PROBLEM DETAILS:
Every entry needs to be reproduced exactly.

Source records
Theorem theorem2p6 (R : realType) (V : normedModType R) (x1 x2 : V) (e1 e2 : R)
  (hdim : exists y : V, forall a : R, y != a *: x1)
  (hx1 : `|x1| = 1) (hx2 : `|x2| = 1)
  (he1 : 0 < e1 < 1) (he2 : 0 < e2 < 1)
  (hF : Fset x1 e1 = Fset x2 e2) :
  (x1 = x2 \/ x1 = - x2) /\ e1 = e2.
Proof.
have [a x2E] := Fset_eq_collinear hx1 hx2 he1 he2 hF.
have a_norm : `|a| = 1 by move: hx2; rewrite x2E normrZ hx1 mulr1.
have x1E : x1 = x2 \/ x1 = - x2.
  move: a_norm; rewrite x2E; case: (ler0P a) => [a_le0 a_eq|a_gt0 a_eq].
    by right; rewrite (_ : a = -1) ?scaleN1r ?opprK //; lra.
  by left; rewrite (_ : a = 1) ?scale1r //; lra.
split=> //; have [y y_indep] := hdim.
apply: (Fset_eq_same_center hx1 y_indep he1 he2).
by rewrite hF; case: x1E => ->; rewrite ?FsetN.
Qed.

SOLUTION FOR THIS EXERCISE:
Theorem theorem2p6 (R : realType) (V : normedModType R) (x1 x2 : V) (e1 e2 : R)
  (hdim : exists y : V, forall a : R, y != a *: x1)
  (hx1 : `|x1| = 1) (hx2 : `|x2| = 1)
  (he1 : 0 < e1 < 1) (he2 : 0 < e2 < 1)
  (hF : Fset x1 e1 = Fset x2 e2) :
  (x1 = x2 \/ x1 = - x2) /\ e1 = e2.
Proof.
have [a x2E] := Fset_eq_collinear hx1 hx2 he1 he2 hF.
have a_norm : `|a| = 1 by move: hx2; rewrite x2E normrZ hx1 mulr1.
have x1E : x1 = x2 \/ x1 = - x2.
  move: a_norm; rewrite x2E; case: (ler0P a) => [a_le0 a_eq|a_gt0 a_eq].
    by right; rewrite (_ : a = -1) ?scaleN1r ?opprK //; lra.
  by left; rewrite (_ : a = 1) ?scale1r //; lra.
split=> //; have [y y_indep] := hdim.
apply: (Fset_eq_same_center hx1 y_indep he1 he2).
by rewrite hF; case: x1E => ->; rewrite ?FsetN.
Qed.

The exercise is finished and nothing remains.